**AIM OF THE TASK**. Wherever a line of the data contains "forall", copy that line.

RECORDS FOR THIS EXERCISE START

Lemma Ef_Mc_antidiag (p : R) (u : R -> R) : H (s0 r rho) u ->
  Ef l b p (u, fun x => - c * u x) + c * Mf b (u, fun x => - c * u x) =
  Ic l b c u - (p + 1)^-1 * Qf p u.
Proof.
move=> uH; have wH := H_s0_sub (H_scale (- c) uH).
have [uFT wFT] := (H_FT uH, H_FT wH).
have [reE imE] := FT_scale_ae (- c) uFT.
have m_sqr (F G : R -> R) : measurable_fun setT F -> measurable_fun setT G ->
    measurable_fun setT (fun xi => (F xi + c * G xi) ^+ 2).
  move=> mF mG; apply: measurable_funX.
  exact: measurable_funD mF (measurable_funM (measurable_cst c) mG).
rewrite (Ef_McE p uH wH) -[RHS]addr0; congr (_ + _).
rewrite /Defs.Rint (Rintegral_ae_eq (mu := mu) (g := cst 0)).
- by rewrite Rintegral_cst// mul0r mulr0.
- apply: (measurable_funM measurable_binv).
  exact: measurable_funD (m_sqr _ _ (measurable_FTre wFT) (measurable_FTre uFT))
                         (m_sqr _ _ (measurable_FTim wFT) (measurable_FTim uFT)).
- exact: measurable_cst.
- apply: filterS2 reE imE => x /= e1 e2 _.
  by rewrite e1// e2// !mulNr !addNr expr0n /= addr0 mulr0.
Qed.

Lemma Ic_scale (u : R -> R) (k : R) : H (s0 r rho) u ->
  Ic l b c (fun x => k * u x) = k ^+ 2 * Ic l b c u.
Proof.
move=> uH; have uFT := H_FT uH.
rewrite /Ic !mult_norm2_symB !mult_norm2_symLB.
exact: scale_difference
  (Rint_mul_FTsqZ k measurable_l_div_b uFT (integrable_l_div_b_FTsq uH))
  (Rint_mul_FTsqZ k measurable_binv uFT (integrable_binv_FTsq (H_s0_sub uH))).
Qed.

(* [u / K] is admissible in the infimum defining [m1]. *)
Lemma Ic_ge_m1_scaled (p K : R) (u : R -> R) : 0 < K -> H (s0 r rho) u ->
  Qf p u = K `^ (p + 1) -> K ^+ 2 * m1 l b r rho p c <= Ic l b c u.
Proof.
move=> K_gt0 uH Qu.
have vH := H_scale K^-1 uH.
have Qv : Qf p (fun x => K^-1 * u x) = 1.
  rewrite Qf_scale; last exact: H_measurable uH.
  rewrite Qu ger0_norm ?invr_ge0 ?ltW// -powRM ?invr_ge0 ?ltW//.
  by rewrite mulVf ?gt_eqF// powR1.
have : m1 l b r rho p c <= Ic l b c (fun x => K^-1 * u x).
  apply: ge_inf; last by exists (fun x => K^-1 * u x).
  by exists 0 => _ [v [v_H _] <-]; exact: Ic_ge0.
rewrite Ic_scale// => /(ler_wpM2l (sqr_ge0 K)).
by rewrite mulrA -exprMn mulfV ?gt_eqF// expr1n mul1r.
Qed.

Lemma calGc_constrained_minimizer (p : R) Phi : 1 < p -> calGc l b r rho p c Phi ->
  let q := 2 `^ ((p + 1) / (p - 1)) * m1 l b r rho p c `^ ((p + 1) / (p - 1)) in
  [/\ inX r rho Phi, Qf p Phi.1 = q &
      forall U, inX r rho U -> Qf p U.1 = q ->
        Ef l b p Phi + c * Mf b Phi <= Ef l b p U + c * Mf b U].
Proof.
move=> p_gt1 [_ [psi [psiH Qpsi Icpsi ->]] ->] q.
set m := m1 l b r rho p c in Icpsi q *; set K := (2 * m) `^ (p - 1)^-1.
have m_ge0 : 0 <= m by rewrite -Icpsi Ic_ge0.
have phiH : H (s0 r rho) (fun x => K * psi x) by exact: H_scale.
have QK : K `^ (p + 1) = q by rewrite /q /K -powRrM (mulrC (p - 1)^-1) powRM.
have Qphi : Qf p (fun x => K * psi x) = q.
  rewrite Qf_scale; last exact: H_measurable psiH.
  by rewrite Qpsi mulr1 ger0_norm; [exact: QK|exact: powR_ge0].
split; [by split; [exact: phiH|exact: H_s0_sub (H_scale _ phiH)]|exact: Qphi|].
move=> [u w] [/= uH wH] /= Qu.
rewrite (Ef_Mc_antidiag p phiH); apply: le_trans (Ef_Mc_ge p uH wH).
rewrite Qphi -Qu lerD2r (Ic_scale K psiH) Icpsi.
have [->|m_neq0] := eqVneq m 0; first by rewrite mulr0; exact: Ic_ge0 uH.
apply: (Ic_ge_m1_scaled _ uH); last by rewrite QK.
by rewrite powR_gt0// mulr_gt0// lt_neqAle eq_sym m_neq0.
Qed.

End traveling_waves.

Theorem lemma4p2 (R : realType) (l b : R -> R) (rho r p c c1 c2 c3 c4 : R) :
  0 <= rho -> 0 <= r -> 1 <= r + rho / 2 -> 1 < p ->
  symbol_of_order l rho -> symbol_of_order b (- r) ->
  best_lower l (fun xi => (1 + xi ^+ 2) `^ (rho / 2)) c1 ->
  best_upper l (fun xi => (1 + xi ^+ 2) `^ (rho / 2)) c2 ->
  best_lower b (fun xi => (1 + xi ^+ 2) `^ (- r / 2)) c3 ->
  best_upper b (fun xi => (1 + xi ^+ 2) `^ (- r / 2)) c4 ->
  c ^+ 2 < c1 ^+ 2 ->
  forall Phi, calGc l b r rho p c Phi ->
    [/\ inX r rho Phi,
        Qf p Phi.1 = 2 `^ ((p + 1) / (p - 1)) * m1 l b r rho p c `^ ((p + 1) / (p - 1)) &
        forall U, inX r rho U ->
          Qf p U.1 = 2 `^ ((p + 1) / (p - 1)) * m1 l b r rho p c `^ ((p + 1) / (p - 1)) ->
          Ef l b p Phi + c * Mf b Phi <= Ef l b p U + c * Mf b U].
Proof.
move=> rho_ge0 _ _ p_gt1 l_sym b_sym [c1_gt0 [l_lb _]] [_ [l_ub _]] [c3_gt0 [b_lb _]] _.
move=> c_lt_c1 Phi.
exact: (calGc_constrained_minimizer rho_ge0 (continuous_symbol l_sym)
  (continuous_symbol b_sym) c1_gt0 l_lb l_ub c3_gt0 b_lb c_lt_c1 p_gt1).
Qed.
(* Let $a,c>0$ and $b,d<0$ be real numbers with $x_A=x_B$, and let $W_0(z)=1$, $W_1(z)=z$, $W_n(z)=(az+b)W_{n-1}(z)+(cz+d)W_{n-2}(z)$ for $n\ge2$. Then for every $n\ge0$ the function $U_n(z)=W_n(z)/A(z)^{\lfloor n/2\rfloor}$ is a polynomial (of degree $\lceil n/2\rceil$), all of whose zeros are real and lie in the open interval $(u,x_B)$. Moreover, this interval is sharp: both $u$ and $x_B$ are limits of zeros of the polynomials $U_n(z)$.
   Context: Notation: $A(z)=az+b$, $B(z)=cz+d$, $x_A=-b/a$, $x_B=-d/c$, $\Delta_\Delta=c^2-a^2B(x_A)$, $x_\Delta^\pm=x_A+\frac{-2c\pm2\sqrt{\Delta_\Delta}}{a^2}$, $g(z)=(1-a)z^2-(b+c)z-d$, $\Delta_g=(b+c)^2+4d(1-a)$, $F=\Delta_g-\Delta_\Delta=d(a-2)^2+bc(2-a)+b^2$. The zeros of $g$ are $x_g^\pm=\frac{b+c}{2(1-a)}\pm\frac{\sqrt{\Delta_g}}{2|1-a|}$ if $a\neq1$, and $x_g^\pm=-d/(b+c)$ if $a=1$ and $b+c\ne0$. Define $u=x_\Delta^-$ if $a<2$ and $F\le0$; $u=x_g^+$ if $a<1$ and $F>0$; $u=x_g^-$ otherwise. A number $z^*$ is a limit of zeros of $\{U_n\}$ if there exist zeros $z_n$ of $U_n$ with $z_n\to z^*$. *)

From Stdlib Require Import Reals Lra List.
Import ListNotations.
Open Scope R_scope.

Record Cx := mkC { re : R; im : R }.
Definition C0 : Cx := mkC 0 0.
Definition Cadd (z w : Cx) : Cx := mkC (re z + re w) (im z + im w).
Definition Cmul (z w : Cx) : Cx :=
  mkC (re z * re w - im z * im w) (re z * im w + im z * re w).
Definition Cmod (z : Cx) : R := sqrt (re z ^ 2 + im z ^ 2).
Definition Cdist (z w : Cx) : R := Cmod (mkC (re z - re w) (im z - im w)).

(** * Polynomials with real coefficients as coefficient lists [p0; p1; ...] *)
Definition reval (p : list R) (x : R) : R :=
  fold_right (fun coef acc => coef + x * acc) 0 p.
Definition ceval (p : list R) (z : Cx) : Cx :=
  fold_right (fun coef acc => Cadd (mkC coef 0) (Cmul z acc)) C0 p.
Definition has_degree (p : list R) (m : nat) : Prop :=
  length p = S m /\ nth m p 0 <> 0.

RECORDS FOR THIS EXERCISE END

**WRITTEN REPLY**.
      forall U, inX r rho U -> Qf p U.1 = q ->
  forall Phi, calGc l b r rho p c Phi ->
        forall U, inX r rho U ->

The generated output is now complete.